Lemma tfac_ge1 d (x : R) : 1 <= x -> 1 <= tfac d x.
Proof. by rewrite /tfac; case: ifP. Qed.

Lemma weight_ge0 d (x : R) : 0 <= x -> 0 <= weight d x.
Proof. by move=> x0; rewrite /weight /tfac mulr_ge0 ?sqr_ge0 //; case: ifP. Qed.

Lemma weight_powR d (x : R) : 0 <= x -> x `^ (2 * m0 R d) = weight d x.
Proof.
move=> x0; rewrite /weight /tfac /m0; case: ifP => _.
  by rewrite !mulr1 powR_mulrn.
have -> : (2 : R) * (3%:R / 2%:R) = 3%:R by field.
by rewrite powR_mulrn // exprSr.
Qed.

(* The divided difference (1 - δ_x^y)/(x - y) at lattice norms.  At integers
   it is at most 1; when only the squares are integers, |x - y| >= 1/(x + y)
   gives the bound 3x. *)

Lemma qd_int (p q : int) : `|qd (p%:~R : R) q%:~R| <= 1.
Proof.
rewrite /qd; case: eqP => [_|pq]; first by rewrite normr0 ler01.
have h1 : 1 <= `|(p - q)%:~R : R|.
  have : p - q != 0 by apply: contra_not_neq pq => /eqP; rewrite subr_eq0 => /eqP ->.
  by rewrite -intr_norm ler1z; lia.
by rewrite div1r normfV invf_le1 // -rmorphB /=; lra.
Qed.

Lemma qd_sqint (x y : R) (p q : int) :
  1 <= x -> 1 <= y -> x ^+ 2 = p%:~R -> y ^+ 2 = q%:~R -> `|qd x y| <= 3 * x.
Proof.
move=> x1 y1 hx hy; rewrite /qd; case: eqP => [_|xy]; first by rewrite normr0; lra.
have pq : p - q != 0.
  apply: contra_not_neq xy => /eqP; rewrite subr_eq0 => /eqP epq.
  have : (x - y) * (x + y) = 0 by rewrite -subr_sqr hx hy epq subrr.
  move/eqP; rewrite mulf_eq0 => /orP[/eqP h|/eqP h]; lra.
have h1 : 1 <= `|(p - q)%:~R : R| by rewrite -intr_norm ler1z; lia.
rewrite rmorphB /= -hx -hy subr_sqr normrM in h1.
rewrite (ger0_norm (x := x + y)) in h1; last by lra.
have e0 : 0 < `|x - y| by rewrite normr_gt0 subr_eq0; apply/eqP.
have key : 1 <= 3 * x * `|x - y|.
  case: (lerP y (2 * x)) => hyx; first by apply: (le_trans h1); nra.
  have : x <= `|x - y| by rewrite distrC ger0_norm; lra.
  nra.
by rewrite div1r normfV -[X in X <= _]mul1r ler_pdivrMr.
Qed.

Lemma qd_inorm d (j k : idx d) : j != 0 -> k != 0 ->
  `|qd (inorm R j) (inorm R k)| <= 3 * tfac d (inorm R j).
Proof.
move=> j0 k0; rewrite /tfac; case: eqP => [d1|_].
  by subst d; rewrite !inorm_d1; apply: le_trans (qd_int _ _) _; lra.
by apply: qd_sqint; rewrite ?inorm_ge1 ?inorm_sq.
Qed.

Lemma multiplier1_le d (a c q : R) : 1 <= a -> 1 <= c -> `|q| <= 3 * tfac d a ->
  `|a ^+ 2 * a ^+ 2 * (1 / (a + c) - q)| <= 10 * weight d a * weight d a.
Proof.
move=> a1 c1; rewrite /weight; move: (tfac d a) (tfac_ge1 d a1) => t t1 hq.
have h1 : `|1 / (a + c)| <= 1 by rewrite div1r normfV invf_le1 ger0_norm; lra.
have h2 : `|1 / (a + c) - q| <= 10 * t * t.
  by apply: (le_trans (ler_normB _ _)); nra.
have a2 : 0 <= a ^+ 2 * a ^+ 2 by rewrite mulr_ge0 ?sqr_ge0.
rewrite normrM (ger0_norm a2).
have -> : 10 * (a ^+ 2 * t) * (a ^+ 2 * t) = (a ^+ 2 * a ^+ 2) * (10 * t * t) by ring.
exact: ler_wpM2l.
Qed.

Lemma multiplier2_le d (a b : R) : 1 <= a -> 1 <= b ->
  `|a * b * (a + b)| <= 10 * weight d a * weight d b.
Proof.
move=> a1 b1; rewrite /weight; move: (tfac d a) (tfac d b) (tfac_ge1 d a1) (tfac_ge1 d b1).
move=> ta tb t1 t2.
rewrite ger0_norm; last by rewrite !mulr_ge0 //; lra.
have h : a * b * (a + b) <= 2 * (a ^+ 2 * b ^+ 2).
  have -> : 2 * (a ^+ 2 * b ^+ 2) = a * b * (2 * (a * b)) by ring.
  by apply: ler_wpM2l; rewrite ?mulr_ge0 //; nra.
have h3 : a ^+ 2 * b ^+ 2 <= (a ^+ 2 * ta) * (b ^+ 2 * tb).
  have -> : (a ^+ 2 * ta) * (b ^+ 2 * tb) = (a ^+ 2 * b ^+ 2) * (ta * tb) by ring.
  rewrite ler_peMr ?mulr_ge0 ?sqr_ge0 //; nra.
have : 0 <= a ^+ 2 * b ^+ 2 by rewrite mulr_ge0 ?sqr_ge0.
lra.
Qed.

Lemma multiplier3_le d (a b q : R) : 1 <= a -> 1 <= b -> `|q| <= 3 * tfac d b ->
  `|a ^+ 2 * b * (6%:R + b / (b + a) + b * q)| <= 10 * weight d a * weight d b.
Proof.
move=> a1 b1; rewrite /weight; move: (tfac d a) (tfac d b) (tfac_ge1 d a1) (tfac_ge1 d b1).
move=> ta tb t1 t2 hq.
have hf : `|b / (b + a)| <= 1.
  by rewrite normf_div !ger0_norm ?ler_pdivrMr; lra.
have hbq : `|b * q| <= 3 * b * tb by rewrite normrM ger0_norm; nra.
have hs : `|6%:R + b / (b + a) + b * q| <= 10 * b * tb.
  have h6 : `|(6%:R : R) + b / (b + a)| <= 7.
    by apply: le_trans (ler_normD _ _) _; rewrite (ger0_norm (x := 6%:R)) //; lra.
  by apply: le_trans (ler_normD _ _) _; nra.
have p0 : 0 <= a ^+ 2 * b by rewrite mulr_ge0 ?sqr_ge0 //; lra.
rewrite normrM (ger0_norm p0); apply: le_trans (ler_wpM2l p0 hs) _.
have -> : a ^+ 2 * b * (10 * b * tb) = 10 * (a ^+ 2 * b ^+ 2 * tb) by ring.
have -> : 10 * (a ^+ 2 * ta) * (b ^+ 2 * tb) = 10 * (a ^+ 2 * b ^+ 2 * tb) * ta by ring.
by rewrite ler_peMr // !mulr_ge0 ?sqr_ge0 //; lra.
Qed.

Lemma multiplier4_le d (a b c : R) : 1 <= a -> 1 <= b -> 1 <= c -> c = a - b ->
  `|a * b * c| <= 10 * weight d a * weight d b.
Proof.
move=> a1 b1 c1 hc; apply: le_trans (multiplier2_le d a1 b1).
have ab0 : 0 <= a * b by apply: mulr_ge0; lra.
rewrite !ger0_norm ?ler_wpM2l //; try lra; apply: mulr_ge0 => //; lra.
Qed.

(* Weighted pair sums: pairw x y j = |x_j| |y_{-j}| w(|j|), and the energy
   density of u, whose sum over j is ||u||_{m0}^2. *)

Definition pairw d (x y : fcoef R d) (j : idx d) : R :=
  nc (x j) * nc (y (- j)) * weight d (inorm R j).

Definition energy d (u : fcoef R d) (j : idx d) : R :=
  nc (u j) ^+ 2 * weight d (inorm R j).

Lemma pairw_ge0 d (x y : fcoef R d) j : 0 <= pairw x y j.
Proof.
by apply: mulr_ge0; [apply: mulr_ge0; apply: nc_ge0 | apply/weight_ge0/inorm_ge0].
Qed.

Lemma energy_ge0 d (u : fcoef R d) j : 0 <= energy u j.
Proof. by apply: mulr_ge0; [apply: sqr_ge0 | apply/weight_ge0/inorm_ge0]. Qed.

Lemma pair_csum_le d (P : set (idx d * idx d)) (x y x' y' : fcoef R d) (z : R[i])
    (r : idx d * idx d -> R) (M : R) :
  (\esum_(j in nzidx d) (pairw x y j)%:E <= M%:E)%E ->
  (\esum_(j in nzidx d) (pairw x' y' j)%:E <= M%:E)%E ->
  (P `<=` nzidx d `*` nzidx d)%classic ->
  (forall p, P p -> `|r p| <= 10 * weight d (inorm R p.1) * weight d (inorm R p.2)) ->
  nc (csum P (fun p => x p.1 * y (- p.1) * x' p.2 * y' (- p.2) * z * (r p)%:C))
    <= 40 * (M * M) * nc z.
Proof.
move=> hxy hxy' PS hr.
have -> : 40 * (M * M) * nc z = 4 * (10 * nc z * M * M) by ring.
apply: csum_le.
apply: (@le_trans _ _ (\esum_(p in P) (10 * nc z * pairw x y p.1 * pairw x' y' p.2)%:E)%E).
  apply: le_esum => p Pp; rewrite lee_fin !Normc.normcM nc_real.
  have -> : 10 * nc z * pairw x y p.1 * pairw x' y' p.2 =
    nc (x p.1) * nc (y (- p.1)) * nc (x' p.2) * nc (y' (- p.2)) * nc z
    * (10 * weight d (inorm R p.1) * weight d (inorm R p.2)) by rewrite /pairw; ring.
  by apply: ler_wpM2l (hr p Pp); rewrite !mulr_ge0 ?nc_ge0.
have c0 : 0 <= 10 * nc z by rewrite mulr_ge0 ?nc_ge0.
apply: le_trans (esum_prod_le c0 (@pairw_ge0 _ x y) (@pairw_ge0 _ x' y') hxy hxy').
apply: esum_subset_le => // p _; rewrite lee_fin.
by apply: mulr_ge0; [apply: mulr_ge0 | ]; rewrite ?pairw_ge0.
Qed.

(* AM-GM: for x, y in {u, conj u} the pair density is dominated by the energy. *)
Lemma pairw_le_energy d (u x y : fcoef R d) j :
  (x = u \/ x = cconj u) -> (y = u \/ y = cconj u) ->
  pairw x y j <= energy u j + energy u (- j).
Proof.
rewrite /pairw /energy inormN -mulrDl.
have w0 := weight_ge0 d (inorm_ge0 j).
have a0 := nc_ge0 (u j); have b0 := nc_ge0 (u (- j)).
move=> hx hy; apply: ler_wpM2r => //.
by case: hx hy => -> [] ->; rewrite /cconj ?opprK ?nc_conj; nra.
Qed.

Lemma pairw_esum_le d (u x y : fcoef R d) (N : R) :
  (x = u \/ x = cconj u) -> (y = u \/ y = cconj u) ->
  (\esum_(j in nzidx d) (energy u j)%:E = N%:E)%E ->
  (\esum_(j in nzidx d) (pairw x y j)%:E <= (N + N)%:E)%E.
Proof.
move=> hx hy hN.
apply: (@le_trans _ _ (\esum_(j in nzidx d) ((energy u j)%:E + (energy u (- j))%:E))%E).
  by apply: le_esum => j _; rewrite -EFinD lee_fin pairw_le_energy.
rewrite esumD => [|j _|j _]; rewrite ?lee_fin ?energy_ge0 //.
by rewrite (esum_reflect (fun j => (energy u j)%:E)) hN.
Qed.

Lemma W51_pointwise d (u v : fcoef R d) (M : R) (k : idx d) :
  (\esum_(j in nzidx d) (pairw u u j)%:E <= M%:E)%E ->
  (\esum_(j in nzidx d) (pairw v v j)%:E <= M%:E)%E ->
  (\esum_(j in nzidx d) (pairw u v j)%:E <= M%:E)%E ->
  k != 0 ->
  nc (W51 u v k) <= 160 * (M * M) * (nc (u k) + nc (v k)).
Proof.
move=> Huu Hvv Huv k0; have k1 := inorm_ge1 k0.
rewrite /W51 (negbTE k0); cbv beta zeta.
apply: (le_trans (nc_lincomb4 _ _ _ _ _ _ _ _));
  try by [apply: nc_idiv | apply: nc_natidiv].
set A := 40 * (M * M) * nc (u k); set B := 40 * (M * M) * nc (v k).
apply: (@le_trans _ _ (A + B + B + B)).
  repeat apply: lerD.
  - apply: (pair_csum_le _ Huu Hvv) => [p [? [? _]] // | [j l] /= [j0 [l0 e]]].
    have := qd_inorm l0 k0; rewrite -e => hq.
    exact: multiplier1_le (inorm_ge1 j0) k1 hq.
  - apply: (pair_csum_le _ Huu Huu) => [p [? [? _]] // | [j l] /= [j0 [l0 e]]].
    by rewrite e; apply: multiplier2_le; apply: inorm_ge1.
  - apply: (pair_csum_le _ Huu Huv) => [p [? [? _]] // | [j l] /= [j0 [l0 e]]].
    exact: multiplier3_le (inorm_ge1 j0) (inorm_ge1 l0) (qd_inorm l0 j0).
  - apply: (pair_csum_le _ Huu Hvv) => [p [? [? _]] // | [j l] /= [j0 [l0 e]]].
    exact: multiplier4_le (inorm_ge1 j0) (inorm_ge1 l0) k1 e.
have MM : 0 <= M * M by rewrite -expr2 sqr_ge0.
have A0 : 0 <= A by rewrite /A mulr_ge0 ?nc_ge0 // mulr_ge0.
have B0 : 0 <= B by rewrite /B mulr_ge0 ?nc_ge0 // mulr_ge0.
have -> : 160 * (M * M) * (nc (u k) + nc (v k)) = 4 * A + 4 * B by rewrite /A /B; ring.
lra.
Qed.
(* Let $p$ be a prime and $k\ge0$ an integer; put $f=2$ if $p=2$ and $f=1$ if $p>2$, and $d=f\cdot p^{2k}$. Let $r$ be a positive integer with $r\ge\lceil\sqrt{f d/2}\,\rceil$ such that, if $d>1$, then $p\nmid r$. Put $n=p^k r$ and $$a=2n+d=2p^kr+f p^{2k},\qquad b=2n+\frac{2n^2}{d}=2p^kr+\frac{2r^2}{f},\qquad c=b+d=2p^kr+\frac{2r^2}{f}+fp^{2k}.$$ Then $(a,b,c)$ is an IDPT. Moreover, every IDPT $(a,b,c)$ with $c-b=f\cdot p^{2k}$ arises in this way from some such $r$.
   Context: A Diophantine Pythagorean Triangle (DPT) is a triple $(a,b,c)$ of positive integers with $a<b<c$ and $a^2+b^2=c^2$. An IDPT is a DPT with $\gcd(a,b,c)=1$. $\lceil x\rceil$ is the smallest integer $\ge x$. *)

From Stdlib Require Import Reals ZArith.
From mathcomp Require Import all_boot.

Definition Rceil (x : R) : Z := (- Int_part (- x))%Z.

Definition DPT (a b c : nat) : Prop :=
  [/\ 0 < a, a < b, b < c & a ^ 2 + b ^ 2 = c ^ 2].

Definition IDPT (a b c : nat) : Prop :=
  DPT a b c /\ gcdn (gcdn a b) c = 1.

Definition fpar (p : nat) : nat := if p == 2 then 2 else 1.

Definition dpar (p k : nat) : nat := fpar p * p ^ (2 * k).

Definition admissible (p k r : nat) : Prop :=
  [/\ 0 < r,
      (Rceil (sqrt (INR (fpar p * dpar p k) / 2)) <= Z.of_nat r)%Z
    & (1 < dpar p k -> ~~ (p %| r))].

(* n = p^k r ; a = 2n + d ; b = 2n + 2 r^2 / f ; c = b + d.
   (2 r^2 / f is an exact division since f ∈ {1,2}.) *)
Definition triple_a (p k r : nat) : nat := 2 * (p ^ k * r) + dpar p k.
Definition triple_b (p k r : nat) : nat := 2 * (p ^ k * r) + (2 * r ^ 2) %/ fpar p.
Definition triple_c (p k r : nat) : nat := triple_b p k r + dpar p k.

From Stdlib Require Import Reals ZArith Lra Lia.
From mathcomp Require Import all_boot zify.

(* If c = b + d, the Pythagorean equation reads a^2 = d (2b + d).  Writing
   d = f P^2 with P = p^k, P divides a and s = a / P satisfies
   s^2 = 2fb + (fP)^2, so s = fP + 2r, and solving for a and b gives exactly
   the stated triple; conversely that triple satisfies a polynomial identity.
   The condition a < b becomes (fP)^2 < 2r^2, whose weak form is the ceiling
   condition (equality would make sqrt 2 rational).  Finally
   gcd(a,b,c) = gcd(b,c) = gcd(b,d), and d is a power of p, so the triple is
   primitive iff d = 1 or p does not divide b, i.e. does not divide r. *)

Section Ceiling.
Local Open Scope R_scope.

Lemma Rceil_sqrt_half_le (X r : nat) :
  (Rceil (sqrt (INR X / 2)) <= Z.of_nat r)%Z <-> (X <= 2 * r ^ 2)%N.
Proof.
rewrite /Rceil /Int_part.
have X_ge0 : 0 <= INR X / 2 by have := pos_INR X; lra.
have := sqrt_pos (INR X / 2); have := sqrt_sqrt _ X_ge0.
set s := sqrt _ => s2 s_ge0.
have [up_gt up_le] := archimed (- s).
have r_ge0 := pos_INR r.
have -> : (X <= 2 * r ^ 2)%N <-> INR X <= 2 * INR r * INR r.
  have <- : INR (2 * r * r) = 2 * INR r * INR r by rewrite !mult_INR.
  rewrite -mulnA mulnn; split; [move/leP; exact: le_INR | by move/INR_le/leP].
split=> [le_sr | le_Xr].
- have : IZR (1 - Z.of_nat r) <= IZR (up (- s)) by apply: IZR_le; lia.
  rewrite minus_IZR -INR_IZR_INZ; nra.
- have s_le : s <= INR r by nra.
  have : IZR (- Z.of_nat r) < IZR (up (- s)).
    by rewrite opp_IZR -INR_IZR_INZ; lra.
  move/lt_IZR; lia.
Qed.

End Ceiling.

(* The 2-adic valuations of the two sides have different parities. *)
Lemma sqr_neq_double_sqr (x y : nat) : 0 < y -> x ^ 2 != 2 * y ^ 2.
Proof.
move=> y_gt0; apply/eqP=> e.
have x_gt0 : 0 < x by case: x e => // e; nia.
have := congr1 (logn 2) e.
rewrite lognM ?expn_gt0 ?y_gt0 // !lognX (logn_prime 2 (isT : prime 2)) /=.
lia.
Qed.

Lemma gcdn_pythag (a b c : nat) :
  a ^ 2 + b ^ 2 = c ^ 2 -> gcdn (gcdn a b) c = gcdn b c.
Proof.
move=> abc; rewrite -gcdnA; apply/gcdn_idPr.
have bc_a2 := dvdn_exp2r 2 (dvdn_gcdl b c).
rewrite -(dvdn_pexp2r _ _ (isT : 0 < 2)) -(dvdn_addl _ bc_a2).
by rewrite abc dvdn_exp2r ?dvdn_gcdr.
Qed.

Lemma IDPT_add_prime_power (p e a b : nat) : prime p ->
  DPT a b (b + p ^ e) ->
  IDPT a b (b + p ^ e) <-> (1 < p ^ e -> ~~ (p %| b)).
Proof.
move=> p_pr dpt; have [_ _ _ pyth] := dpt.
rewrite /IDPT gcdn_pythag // gcdnDl.
suff : gcdn b (p ^ e) = 1 <-> (1 < p ^ e -> ~~ (p %| b)) by tauto.
clear dpt pyth; case: e => [|e]; first by rewrite expn0 gcdn1.
have p_e_gt1 : 1 < p ^ e.+1.
  exact: leq_ltn_trans (ltn0Sn e) (ltn_expl _ (prime_gt1 p_pr)).
have -> : (gcdn b (p ^ e.+1) = 1) <-> coprime b (p ^ e.+1) by split=> /eqP.
by rewrite coprime_pexpr // coprime_sym prime_coprime //; tauto.
Qed.

Lemma sqr_eq_double_add_sqr (s t n : nat) :
  s ^ 2 = 2 * n + t ^ 2 -> exists r, s = t + 2 * r /\ n = 2 * r * (r + t).
Proof.
move=> st.
have [j sE] : exists j, s = t + j.
  by exists (s - t); rewrite subnKC // -leq_sqr st leq_addl.
subst s.
have j2 : j ^ 2 + 2 * (t * j) = 2 * n by nia.
have j_even : odd j = false.
  by move/(congr1 odd): j2; rewrite oddD !oddM andbb /= addbF.
have [r jE] : exists r, j = 2 * r.
  by exists j./2; rewrite -{1}(odd_double_half j) j_even add0n mul2n.
by subst j; exists r; split; nia.
Qed.

Section PythagoreanFamily.

Context {f g P : nat}.
Hypothesis fg : f * g = 2.

Let fg_cases : (f = 1 /\ g = 2) \/ (f = 2 /\ g = 1).
Proof. by case: f fg => [|[|[|f']]]; case: g => [|[|[|g']]]; try lia; auto. Qed.

Lemma pythag_family (r : nat) :
  (2 * (P * r) + f * P ^ 2) ^ 2 + (2 * (P * r) + g * r ^ 2) ^ 2
  = (2 * (P * r) + g * r ^ 2 + f * P ^ 2) ^ 2.
Proof. by case: fg_cases => -[-> ->]; nia. Qed.

Lemma pythag_family_lt (r : nat) :
  (2 * (P * r) + f * P ^ 2 < 2 * (P * r) + g * r ^ 2) = ((f * P) ^ 2 < 2 * r ^ 2).
Proof. by apply/idP/idP; case: fg_cases => -[-> ->]; nia. Qed.

Lemma pythag_family_complete (a b : nat) : 0 < P ->
  a ^ 2 + b ^ 2 = (b + f * P ^ 2) ^ 2 ->
  exists r, a = 2 * (P * r) + f * P ^ 2 /\ b = 2 * (P * r) + g * r ^ 2.
Proof.
move=> P_gt0 abc.
have a2 : a ^ 2 = P ^ 2 * (2 * (f * b) + (f * P) ^ 2) by nia.
have /dvdnP [s a_eq] : P %| a.
  by rewrite -(dvdn_pexp2r _ _ (isT : 0 < 2)) a2 dvdn_mulr.
have s2 : s ^ 2 = 2 * (f * b) + (f * P) ^ 2.
  apply/eqP; rewrite -(eqn_pmul2l (_ : 0 < P ^ 2)) ?expn_gt0 ?P_gt0 //.
  by rewrite -a2 a_eq expnMn mulnC.
have [r [s_eq fb]] := sqr_eq_double_add_sqr _ _ _ s2.
exists r; rewrite a_eq s_eq.
by case: fg_cases => -[fE gE]; rewrite fE gE in fb *; nia.
Qed.

End PythagoreanFamily.

Definition gpar (p : nat) : nat := 2 %/ fpar p.

Lemma fpar_mul_gpar (p : nat) : fpar p * gpar p = 2.
Proof. by rewrite /gpar /fpar; case: (p == 2). Qed.

Lemma dparE (p k : nat) : dpar p k = fpar p * (p ^ k) ^ 2.
Proof. by rewrite /dpar -expnM (mulnC k). Qed.

Lemma dpar_expn (p k : nat) : dpar p k = p ^ (2 * k + (p == 2)).
Proof.
rewrite /dpar /fpar; case: eqP => [-> | _] /=; first by rewrite addn1 expnS.
by rewrite addn0 mul1n.
Qed.

Lemma triple_aE (p k r : nat) :
  triple_a p k r = 2 * (p ^ k * r) + fpar p * (p ^ k) ^ 2.
Proof. by rewrite /triple_a dparE. Qed.

Lemma triple_bE (p k r : nat) :
  triple_b p k r = 2 * (p ^ k * r) + gpar p * r ^ 2.
Proof.
rewrite /triple_b; congr (_ + _); rewrite -{1}(fpar_mul_gpar p) -mulnA mulKn //.
by rewrite /fpar; case: (p == 2).
Qed.

Lemma DPT_triple (p k r : nat) : 0 < p ->
  DPT (triple_a p k r) (triple_b p k r) (triple_c p k r)
  <-> (fpar p * p ^ k) ^ 2 < 2 * r ^ 2.
Proof.
move=> p_gt0.
have d_gt0 : 0 < fpar p * (p ^ k) ^ 2 by rewrite -dparE dpar_expn expn_gt0 p_gt0.
rewrite /DPT /triple_c dparE triple_aE triple_bE.
rewrite pythag_family_lt ?fpar_mul_gpar //.
split=> [[] // | a_lt_b]; split=> //.
- exact: ltn_addl.
- by rewrite -{1}(addn0 (_ + _)) ltn_add2l.
- exact: pythag_family (fpar_mul_gpar p) r.
Qed.

Lemma prime_dvd_triple_b (p k r : nat) : prime p -> 1 < dpar p k ->
  (p %| triple_b p k r) = (p %| r).
Proof.
move=> p_pr d_gt1.
have p_dvd_2P : p %| 2 * p ^ k.
  case: (eqVneq p 2) => [-> | p_neq2]; first exact: dvdn_mulr.
  rewrite dpar_expn (negbTE p_neq2) addn0 in d_gt1.
  by case: k d_gt1 => [|k] // _; rewrite expnS mulnCA dvdn_mulr.
have p_ndvd_g : ~~ (p %| gpar p).
  rewrite /gpar /fpar; case: eqP => [_ | /eqP p_neq2].
  - by rewrite dvdn1 neq_ltn prime_gt1 ?orbT.
  - by rewrite divn1 dvdn_prime2.
rewrite triple_bE dvdn_addr; last by rewrite mulnA dvdn_mulr.
by rewrite Euclid_dvdM // (negbTE p_ndvd_g) Euclid_dvdX // andbT.
Qed.

Lemma IDPT_triple (p k r : nat) : prime p ->
  DPT (triple_a p k r) (triple_b p k r) (triple_c p k r) ->
  IDPT (triple_a p k r) (triple_b p k r) (triple_c p k r)
  <-> (1 < dpar p k -> ~~ (p %| r)).
Proof.
move=> p_pr; rewrite /triple_c dpar_expn => dpt.
rewrite IDPT_add_prime_power // -dpar_expn.
by split=> ndvd d_gt1; move: (ndvd d_gt1); rewrite prime_dvd_triple_b.
Qed.

Lemma admissibleE (p k r : nat) : admissible p k r <->
  [/\ 0 < r, (fpar p * p ^ k) ^ 2 <= 2 * r ^ 2 & (1 < dpar p k -> ~~ (p %| r))].
Proof.
have fd : fpar p * dpar p k = (fpar p * p ^ k) ^ 2.
  by rewrite dparE expnMn mulnA mulnn.
by rewrite /admissible -fd; split=> -[r_gt0 /Rceil_sqrt_half_le le_r ndvd].
Qed.

Theorem theorem4 (p k : nat) (hp : prime p) :
  (forall r : nat, admissible p k r ->
     IDPT (triple_a p k r) (triple_b p k r) (triple_c p k r)) /\
  (forall a b c : nat, IDPT a b c -> c - b = dpar p k ->
     exists r : nat, admissible p k r /\
       [/\ a = triple_a p k r, b = triple_b p k r & c = triple_c p k r]).
Proof.
have p_gt0 := prime_gt0 hp.
split=> [r /admissibleE [r_gt0 le_r ndvd] | a b c idpt cb].
- have lt_r : (fpar p * p ^ k) ^ 2 < 2 * r ^ 2.
    by rewrite ltn_neqAle le_r sqr_neq_double_sqr.
  have dpt := (DPT_triple p k r p_gt0).2 lt_r.
  exact/(IDPT_triple p k r hp dpt).
- have [dpt _] := idpt; have [_ _ b_lt_c pyth] := dpt.
  have cE : c = b + dpar p k by rewrite -cb subnKC // ltnW.
  rewrite cE dparE in pyth.
  have P_gt0 : 0 < p ^ k by rewrite expn_gt0 p_gt0.
  have [r [aE bE]] := pythag_family_complete (fpar_mul_gpar p) _ _ P_gt0 pyth.
  rewrite -triple_aE in aE; rewrite -triple_bE in bE.
  have {}cE : c = triple_c p k r by rewrite cE bE.
  subst a b c; exists r; split=> //.
  have r_gt0 : 0 < r.
    case: (posnP r) => // r0; have [_] := dpt; rewrite triple_bE r0; lia.
  apply/admissibleE; split=> //; first exact/ltnW/(DPT_triple p k r p_gt0).
  exact: (IDPT_triple p k r hp dpt).1 idpt.
Qed.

## TASK ITEM
Using the listing above, say how many of its lines contain the string "PythagoreanFamily", giving nothing but the figure.

## RESULT OF THIS TASK
2